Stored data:
════════════════════

Lemma big_Delta (G : F -> int) :
  \sum_(g in Delta alpha s k) G g = \sum_(i < 2 ^ k.-1) G (alpha ^+ (s + i)).
Proof. by rewrite big_imset //= => i j _ _; apply: Delta_expr_inj. Qed.

End HalfOrbit.

Section SupportFibres.
Variables (L : finFieldType) (m : nat) (u : int) (D : {set L}).

Lemma fsupp0 x : fsupp m u D x 0 = false.
Proof. by rewrite /fsupp eqxx. Qed.

Lemma sum_fsupp_fibre (y : L) (G : L -> int) : y != 0 -> inSub m y ->
  \sum_x (fsupp m u D x y : int) * G x = \sum_(g in D) G (g * y ^ u).
Proof.
move=> y0 Sy; have yu0 : y ^ u != 0 by rewrite expfz_eq0 negb_and y0 orbT.
rewrite -(big_imset _ (in2W (mulIf yu0))) /= [RHS]big_mkcond.
apply: eq_bigr => x _; rewrite /fsupp y0 Sy /=.
have -> : (x \in [set g * y ^ u | g in D]) = [exists g in D, x == g * y ^ u].
  apply/imsetP/existsP => [[g gD ->]|[g /andP[gD /eqP ->]]]; last by exists g.
  by exists g; rewrite gD eqxx.
by case: ifP; rewrite ?mul1r ?mul0r.
Qed.

Lemma sum_signed_fibre (y : L) (G : L -> int) : y != 0 -> inSub m y ->
  \sum_x (-1) ^+ fsupp m u D x y * G x
    = \sum_x G x - 2 * \sum_(g in D) G (g * y ^ u).
Proof.
move=> y0 Sy; rewrite -sum_fsupp_fibre // mulr_sumr -sumrB.
by apply: eq_bigr => x _; case: (fsupp _ _ _ _ _) => /=; ring.
Qed.

End SupportFibres.

(* Each fibre over y <> 0 is Delta * y ^ u, half of the field, so only the fibre
   over y = 0 contributes. *)
Lemma walsh00_Delta (L : finFieldType) k m u (alpha : L) s :
  #|L| = (2 ^ k)%N -> (1 < k)%N -> ((2 ^ k).-1).-primitive_root alpha ->
  walsh k m (fsupp m u (Delta alpha s k)) 0 0 = (2 ^ k)%:R.
Proof.
move=> cardL k_gt1 alpha_prim.
rewrite /walsh exchange_big (bigD1 0) /=; last by rewrite /inSub expr0n expn_eq0.
rewrite [X in _ + X]big1 => [|y /andP[Sy y0]].
  under eq_bigr do rewrite fsupp0 !mul0r !tr0 /sgnF2 eqxx !mulr1.
  by rewrite addr0 sumr_const cardL natz.
under eq_bigr do rewrite !mul0r !tr0 /sgnF2 eqxx !mulr1 -[_ ^+ _]mulr1.
rewrite sum_signed_fibre // !sumr_const card_Delta // cardL.
by rewrite -mulr_natr mul1r -natrM -expnS prednK ?subrr // ltnW.
Qed.

Lemma bent_Delta_dim (L : finFieldType) k m u (alpha : L) s :
  #|L| = (2 ^ k)%N -> (1 < k)%N -> ((2 ^ k).-1).-primitive_root alpha ->
  (m <= k)%N -> bent k m (fsupp m u (Delta alpha s k)) -> k = m.
Proof.
move=> cardL k_gt1 alpha_prim m_le_k /(_ 0 0).
rewrite walsh00_Delta // normr_nat -natrX /inSub expr0n expn_eq0 eqxx => /(_ isT).
move/eqP; rewrite eqr_nat eqn_exp2l // => /eqP k_half.
have := odd_double_half (k + m); rewrite -k_half -addnn.
by case: (odd _) => /=; lia.
Qed.

Section DegreeOne.
Variables (F : finFieldType) (m : nat) (u : int) (alpha : F) (s : nat).
Hypothesis cardF : #|F| = (2 ^ m)%N.
Hypothesis m_gt1 : (1 < m)%N.
Hypothesis alpha_prim : ((2 ^ m).-1).-primitive_root alpha.

Local Notation f := (fsupp m u (Delta alpha s m)).
Local Notation gam i := (alpha ^+ (s + i)).
Local Notation half := (2 ^ m.-1)%N.

Lemma inSub_card (y : F) : inSub m y.
Proof. by rewrite /inSub expr_card. Qed.

Lemma double_half : (2 * half)%N = (2 ^ m)%N.
Proof. by rewrite -expnS prednK // ltnW. Qed.

Lemma walshE a b :
  walsh m m f a b =
  (if (a == 0) && (b == 0) then (2 ^ m * 2 ^ m)%:R else 0)
  - 2 * \sum_(y | y != 0) chi m (b * y) * \sum_(i < half) chi m (a * (gam i * y ^ u)).
Proof.
rewrite /walsh exchange_big /= (eq_bigl predT) => [|y]; last exact: inSub_card.
transitivity (\sum_y chi m (b * y) * \sum_x (-1) ^+ f x y * chi m (a * x)).
  by apply: eq_bigr => y _; rewrite mulr_sumr; apply: eq_bigr => x _; rewrite mulrC mulrA.
rewrite (bigD1 0) //=; under eq_bigr do rewrite fsupp0 expr0 mul1r.
under [X in _ + X]eq_bigr => y y0.
  rewrite sum_signed_fibre ?inSub_card // big_Delta // mulrBr mulrCA.
over.
rewrite sumrB -mulr_suml addrA -mulrDl -(bigD1 0 (P := predT)) // !sum_chiM //.
by rewrite -mulr_sumr; case: eqP; case: eqP; rewrite ?mul0r ?mulr0 // natrM.
Qed.

Section FrobeniusExponent.
Variable t : nat.
Hypothesis u_frob : (u = (2 ^ t)%:Z %[mod ((2 ^ m).-1)%:Z])%Z.

Local Notation zeros a b := [set i : 'I_half | b ^+ (2 ^ t) + a * gam i == 0].

Lemma walsh_frobenius_zeros a b :
  walsh m m f a b = (if (a == 0) && (b == 0) then (2 ^ m * 2 ^ m)%:R else 0)
                    - 2 * ((2 ^ m * #|zeros a b|)%:R - half%:R).
Proof.
rewrite walshE; congr (_ - 2 * _).
under eq_bigr do rewrite mulr_sumr; rewrite exchange_big /=.
(* chi m is invariant under Frobenius and y ^ u = y ^+ 2 ^ t on nonzero y *)
under eq_bigr => i _.
  under eq_bigr => y y0.
    rewrite (exprz_congr_order cardF y0 u_frob) /chi -(tr_expr_pow2 cardF t (b * y)).
    rewrite -/(chi m _) -/(chi m _) -(chiD cardF) exprMn mulrA -mulrDl.
  over.
  rewrite sum_chiM_expr_pow2 //.
over.
rewrite sumrB sumr_const card_ord -big_mkcond /= sumr_const -cardsE.
by rewrite natrM mulr_natr.
Qed.

Lemma zeros_le1 a b : a != 0 -> (#|zeros a b| <= 1)%N.
Proof.
move=> a0; apply/card_le1_eqP => i j; rewrite !inE => /eqP di /eqP dj.
apply: (Delta_expr_inj (s := s) m_gt1 alpha_prim); apply: (mulfI a0).
by apply: (addrI (b ^+ (2 ^ t))); rewrite di dj.
Qed.

Lemma walsh_frobenius_exponent a b : `|walsh m m f a b| = (2 ^ m)%:R.
Proof.
rewrite walsh_frobenius_zeros -double_half !natrM.
have [->|a0] := eqVneq a 0; last first.
  by move: (zeros_le1 b a0); case: #|_| => [|[]] //= _; lia.
have [->|b0] := eqVneq b 0.
  have -> : zeros 0 0 = setT.
    by apply/setP => i; rewrite !inE mul0r addr0 expf_eq0 expn_gt0 eqxx.
  by rewrite cardsT card_ord /=; lia.
have -> : zeros 0 b = set0.
  by apply/setP => i; rewrite !inE mul0r addr0 expf_eq0 (negbTE b0) andbF.
by rewrite cards0 andbF /=; lia.
Qed.

End FrobeniusExponent.

(* The correlation of tr y and tr (c * y ^ u). Its y = 0 term is 1 (reading 0 ^ u
   as 0); it is written out because 0 ^ 0 = 1 in Rocq. *)
Definition corr (c : F) : int := 1 + \sum_(y | y != 0) chi m y * chi m (c * y ^ u).

Lemma walsh_corr a : a != 0 ->
  walsh m m f a 1 = (2 ^ m)%:R - 2 * \sum_(i < half) corr (a * gam i).
Proof.
move=> a0; rewrite walshE (negbTE a0) /= sub0r /corr big_split /= sumr_const card_ord.
under eq_bigr do rewrite mul1r mulr_sumr; rewrite exchange_big /=.
under [in RHS]eq_bigr do under eq_bigr do rewrite -mulrA.
by rewrite -double_half natrM; ring.
Qed.

Lemma corr0 : corr 0 = 0.
Proof.
rewrite /corr; under eq_bigr do rewrite mul0r chi0 mulr1 -[y in chi m y]mul1r.
by rewrite sumr_neq sum_chiM // oner_eq0 mulr0 chi0 sub0r addrN.
Qed.

Lemma sum_corr : \sum_(c | c != 0) corr c = (2 ^ m)%:R.
Proof.
rewrite sumr_neq corr0 subr0 /corr big_split /= sumr_const cardF exchange_big /=.
rewrite big1 ?addr0 => [|y y0]; first by rewrite -mulr_natr mul1r.
rewrite -mulr_sumr; under eq_bigr do rewrite mulrC.
by rewrite sum_chiM // expfz_eq0 (negbTE y0) andbF mulr0.
Qed.

Lemma corr_le c : corr c <= (2 ^ m)%:R.
Proof.
rewrite /corr -(subrK 1 (2 ^ m)%:R) addrC lerD2r.
have : \sum_(y | y != 0) chi m y * chi m (c * y ^ u) <= \sum_(y : F | y != 0) 1.
  by apply: ler_sum => y _; apply: chi_mul_le1.
by rewrite [X in _ <= X]sumr_neq sumr_const cardF.
Qed.

Lemma tr_corr_full c : corr c = (2 ^ m)%:R ->
  forall y, y != 0 -> tr m y = tr m (c * y ^ u).
Proof.
move=> corr_c y y0; apply: (chi_inj_tr cardF).
have sum_gap : \sum_(z | z != 0) (1 - chi m z * chi m (c * z ^ u)) = 0.
  rewrite sumrB [X in X - _]sumr_neq sumr_const cardF.
  by rewrite -corr_c /corr; ring.
have gap_ge0 z : z != 0 -> 0 <= 1 - chi m z * chi m (c * z ^ u).
  by rewrite subr_ge0 chi_mul_le1.
have /eqP := psumr_eq0P gap_ge0 sum_gap y0; rewrite subr_eq0 => /eqP gap_y.
by rewrite -[LHS]mulr1 gap_y mulrA chi_mul_self mul1r.
Qed.

Section BentCorrelation.
Hypothesis walsh_b1 : forall a, `|walsh m m f a 1| = (2 ^ m)%:R.

Lemma dvd_sum_corr a : a != 0 -> ((2 ^ m)%:Z %| \sum_(i < half) corr (a * gam i))%Z.
Proof.
move=> a0; have := walsh_b1 a; rewrite walsh_corr //.
set x := \sum_(i < half) _ => norm_x.
have [->|->] : x = 0 \/ x = (2 ^ m)%:R by move: norm_x; lia.
  exact: dvdz0.
by rewrite natz dvdzz.
Qed.

(* alpha * Delta_s and Delta_s differ only in their end points, so the two sums
   telescope. *)
Lemma dvd_corr_shift c : c != 0 -> ((2 ^ m)%:Z %| corr (c * alpha ^+ half) - corr c)%Z.
Proof.
move=> c0; have alpha0 := prim_root_neq0 m_gt1 alpha_prim.
pose a := c / alpha ^+ s.
have a0 : a != 0 by rewrite mulf_neq0 ?invr_eq0 ?expf_neq0.
have telescope : \sum_(i < half) corr (a * alpha * gam i) - \sum_(i < half) corr (a * gam i)
                 = corr (c * alpha ^+ half) - corr c.
  transitivity (\sum_(0 <= i < half) (corr (a * gam i.+1) - corr (a * gam i))).
    rewrite sumrB !big_mkord; congr (_ - _).
    by apply: eq_bigr => i _; rewrite addnS exprS mulrA.
  by rewrite telescope_sumr // /a addn0 exprD mulrA divfK ?expf_neq0.
by rewrite -telescope rpredB ?dvd_sum_corr // mulf_neq0.
Qed.

Lemma dvd_corr_sub c : c != 0 -> ((2 ^ m)%:Z %| corr c - corr 1%R)%Z.
Proof.
move=> c0; have alpha0 := prim_root_neq0 m_gt1 alpha_prim.
have [[k k_lt] ->] := prim_rootP alpha_prim (expr_card_pred cardF c0); rewrite /= {k_lt}.
(* alpha ^+ (2 * half) = alpha, so the powers of alpha ^+ half exhaust the group *)
have -> : alpha ^+ k = alpha ^+ (2 * k * half).
  rewrite mulnAC double_half -(prednK (expn_gt0 2 m)) mulSn exprD exprM.
  by rewrite (prim_expr_order alpha_prim) expr1n mulr1.
elim: (2 * k)%N => [|j IH]; first by rewrite mul0n expr0 subrr dvdz0.
rewrite mulSn exprD mulrC -(subrK (corr (alpha ^+ (j * half))) (corr _)) -addrA.
by rewrite rpredD ?dvd_corr_shift ?expf_neq0.
Qed.

Lemma dvd_corr1 : ((2 ^ m)%:Z %| corr 1%R)%Z.
Proof.
have : ((2 ^ m)%:Z %| \sum_(c : F | c != 0%R) (corr c - corr 1%R))%Z.
  by apply: rpred_sum => c; apply: dvd_corr_sub.
rewrite sumrB sum_corr sumr_neq sumr_const cardF.
have -> : (2 ^ m)%:R - (corr 1 *+ 2 ^ m - corr 1) = (2 ^ m)%:Z * (1 - corr 1) + corr 1.
  by rewrite -mulr_natl natz; ring.
by rewrite rpredDl // dvdz_mulr.
Qed.

Lemma exists_corr_full : exists2 c, c != 0 & corr c = (2 ^ m)%:R.
Proof.
have [c /andP[c0 corr_pos]|corr_le0] := pickP (fun c => (c != 0) && (0 < corr c)).
  exists c => //.
  have /dvdzP[q corr_q] : ((2 ^ m)%:Z %| corr c)%Z.
    by rewrite -(subrK (corr 1) (corr c)) rpredD ?dvd_corr_sub ?dvd_corr1.
  have M_gt0 : 0 < (2 ^ m)%:Z by rewrite ltz_nat expn_gt0.
  have := corr_le c; move: corr_pos; rewrite corr_q natz pmulr_lgt0 // => q_gt0.
  rewrite -[X in _ <= X]mul1r ler_pM2r // => q_le1.
  have -> : q = 1 by lia.
  by rewrite mul1r.
have : \sum_(c | c != 0) corr c <= 0.
  by apply: sumr_le0 => c c0; move: (corr_le0 c); rewrite c0 /= => /negbT; rewrite -leNgt.
by rewrite sum_corr leNgt ltr0n expn_gt0.
Qed.

End BentCorrelation.

End DegreeOne.

Section PowerSums.
Variables (F : finFieldType) (m : nat) (alpha : F).
Hypothesis cardF : #|F| = (2 ^ m)%N.
Hypothesis m_gt1 : (1 < m)%N.
Hypothesis alpha_prim : ((2 ^ m).-1).-primitive_root alpha.

Local Notation N := (2 ^ m).-1.

Lemma sum_nonzero_expr j :
  \sum_(y : F | y != 0) y ^+ j = if (N %| j)%N then -1 else 0.
Proof.
case: ifPn => [/dvdnP[q ->]|N_ndvd].
  under eq_bigr => y y0 do rewrite mulnC exprM expr_card_pred // expr1n.
  have two_pow_m : (2 ^ m)%:R = 0 :> F.
    by rewrite natrX (pcharf0 (card_pchar2 cardF)) expr0n gtn_eqF // ltnW.
  by rewrite sumr_neq sumr_const cardF two_pow_m sub0r.
have alpha0 := prim_root_neq0 m_gt1 alpha_prim.
have alpha_j : alpha ^+ j != 1.
  by rewrite -(expr0 alpha) (eq_prim_root_expr alpha_prim) mod0n.
(* the sum is invariant under y |-> alpha * y, which scales it by alpha ^+ j *)
have : \sum_(y : F | y != 0) y ^+ j = alpha ^+ j * \sum_(y : F | y != 0) y ^+ j.
  rewrite [LHS](reindex_inj (mulfI alpha0)) /= mulr_sumr.
  apply: eq_big => [y|y _]; first by rewrite mulf_eq0 (negbTE alpha0).
  by rewrite exprMn.
move/eqP; rewrite -subr_eq0 -{1}(mul1r (\sum_(y | y != 0) _)) -mulrBl mulf_eq0.
by rewrite subr_eq0 eq_sym (negbTE alpha_j) => /eqP.
Qed.

Lemma sum_expr_tr (c : F) v j :
  \sum_(y | y != 0) y ^+ j * tr m (c * y ^+ v)
    = \sum_(i < m) c ^+ (2 ^ i) * \sum_(y : F | y != 0) y ^+ (v * 2 ^ i + j).
Proof.
under eq_bigr do rewrite /tr mulr_sumr.
rewrite exchange_big /=; apply: eq_bigr => i _; rewrite mulr_sumr.
by apply: eq_bigr => y _; rewrite exprMn -exprM exprD mulrCA (mulrC (y ^+ j)).
Qed.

════════════════════

#### [Task item]
Taking the entries above, print exactly the lines starting at the line with "Lemma dvd_corr_sub c" and ending at the line with "(* alpha ^+", both included.

#### [Expected output]
Lemma dvd_corr_sub c : c != 0 -> ((2 ^ m)%:Z %| corr c - corr 1%R)%Z.
Proof.
move=> c0; have alpha0 := prim_root_neq0 m_gt1 alpha_prim.
have [[k k_lt] ->] := prim_rootP alpha_prim (expr_card_pred cardF c0); rewrite /= {k_lt}.
(* alpha ^+ (2 * half) = alpha, so the powers of alpha ^+ half exhaust the group *)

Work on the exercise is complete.